__WORK REQUIRED__.
Whenever a line below mentions the word "Variables", that line should be copied.

[Stored items]
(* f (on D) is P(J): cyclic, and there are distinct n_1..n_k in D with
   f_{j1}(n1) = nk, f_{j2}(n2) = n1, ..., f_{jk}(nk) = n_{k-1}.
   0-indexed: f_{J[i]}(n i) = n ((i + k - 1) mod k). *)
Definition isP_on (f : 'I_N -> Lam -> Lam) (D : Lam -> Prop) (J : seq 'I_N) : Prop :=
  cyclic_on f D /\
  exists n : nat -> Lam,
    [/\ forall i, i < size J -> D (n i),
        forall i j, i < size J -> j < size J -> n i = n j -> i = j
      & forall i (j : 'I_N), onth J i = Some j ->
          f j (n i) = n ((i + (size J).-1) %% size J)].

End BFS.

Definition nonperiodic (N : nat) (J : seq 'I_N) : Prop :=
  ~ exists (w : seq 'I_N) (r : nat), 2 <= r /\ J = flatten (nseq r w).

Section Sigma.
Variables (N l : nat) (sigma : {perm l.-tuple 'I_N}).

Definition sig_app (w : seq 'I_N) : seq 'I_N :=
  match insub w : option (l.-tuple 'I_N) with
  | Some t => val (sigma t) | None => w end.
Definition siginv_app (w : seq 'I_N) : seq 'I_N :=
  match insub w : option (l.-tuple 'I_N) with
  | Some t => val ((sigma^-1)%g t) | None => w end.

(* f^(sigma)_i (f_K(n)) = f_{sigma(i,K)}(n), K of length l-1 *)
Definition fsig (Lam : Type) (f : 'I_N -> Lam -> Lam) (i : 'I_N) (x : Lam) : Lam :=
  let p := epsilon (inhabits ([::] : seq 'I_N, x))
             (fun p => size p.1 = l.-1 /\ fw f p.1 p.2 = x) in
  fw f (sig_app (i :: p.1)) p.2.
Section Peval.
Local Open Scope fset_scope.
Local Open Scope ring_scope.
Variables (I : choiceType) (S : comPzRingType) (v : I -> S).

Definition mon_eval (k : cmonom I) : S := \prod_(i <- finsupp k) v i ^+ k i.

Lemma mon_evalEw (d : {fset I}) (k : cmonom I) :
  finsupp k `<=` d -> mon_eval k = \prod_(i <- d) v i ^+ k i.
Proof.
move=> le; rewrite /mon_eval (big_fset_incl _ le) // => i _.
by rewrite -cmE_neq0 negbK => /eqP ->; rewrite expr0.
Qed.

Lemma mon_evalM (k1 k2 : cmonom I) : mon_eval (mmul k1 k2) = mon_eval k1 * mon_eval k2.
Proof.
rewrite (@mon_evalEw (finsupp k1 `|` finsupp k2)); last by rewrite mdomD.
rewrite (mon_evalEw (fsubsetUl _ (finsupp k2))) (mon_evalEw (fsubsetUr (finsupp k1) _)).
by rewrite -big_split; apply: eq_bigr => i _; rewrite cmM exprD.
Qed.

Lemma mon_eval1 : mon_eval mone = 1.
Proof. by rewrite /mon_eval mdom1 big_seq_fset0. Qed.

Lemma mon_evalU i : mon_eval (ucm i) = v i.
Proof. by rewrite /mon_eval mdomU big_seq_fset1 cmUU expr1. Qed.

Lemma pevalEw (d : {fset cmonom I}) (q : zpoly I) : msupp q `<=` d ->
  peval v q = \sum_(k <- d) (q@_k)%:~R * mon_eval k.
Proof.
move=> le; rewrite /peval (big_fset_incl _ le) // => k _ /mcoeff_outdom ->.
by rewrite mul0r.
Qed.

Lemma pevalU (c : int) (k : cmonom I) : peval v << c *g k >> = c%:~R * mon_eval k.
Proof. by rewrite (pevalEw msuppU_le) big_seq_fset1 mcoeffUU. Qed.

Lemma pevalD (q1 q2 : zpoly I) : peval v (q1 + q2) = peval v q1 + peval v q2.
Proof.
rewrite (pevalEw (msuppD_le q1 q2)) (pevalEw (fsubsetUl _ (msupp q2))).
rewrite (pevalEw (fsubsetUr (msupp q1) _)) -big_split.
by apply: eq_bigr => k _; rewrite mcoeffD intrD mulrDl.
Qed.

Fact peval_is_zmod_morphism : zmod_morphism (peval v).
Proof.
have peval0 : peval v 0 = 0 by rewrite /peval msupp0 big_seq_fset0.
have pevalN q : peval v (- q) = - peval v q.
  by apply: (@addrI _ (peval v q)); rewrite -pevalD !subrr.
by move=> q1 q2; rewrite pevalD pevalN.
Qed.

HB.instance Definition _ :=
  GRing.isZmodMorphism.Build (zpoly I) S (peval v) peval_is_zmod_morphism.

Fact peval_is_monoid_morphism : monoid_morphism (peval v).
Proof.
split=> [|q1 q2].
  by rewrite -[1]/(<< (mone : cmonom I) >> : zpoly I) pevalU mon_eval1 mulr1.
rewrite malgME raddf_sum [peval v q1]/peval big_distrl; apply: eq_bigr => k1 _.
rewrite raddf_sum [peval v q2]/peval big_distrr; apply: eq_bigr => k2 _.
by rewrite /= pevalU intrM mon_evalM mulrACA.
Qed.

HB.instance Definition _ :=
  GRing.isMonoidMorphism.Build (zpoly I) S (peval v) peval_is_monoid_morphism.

__THE COMPLETED TASK__.
Variables (N l : nat) (sigma : {perm l.-tuple 'I_N}).
Variables (I : choiceType) (S : comPzRingType) (v : I -> S).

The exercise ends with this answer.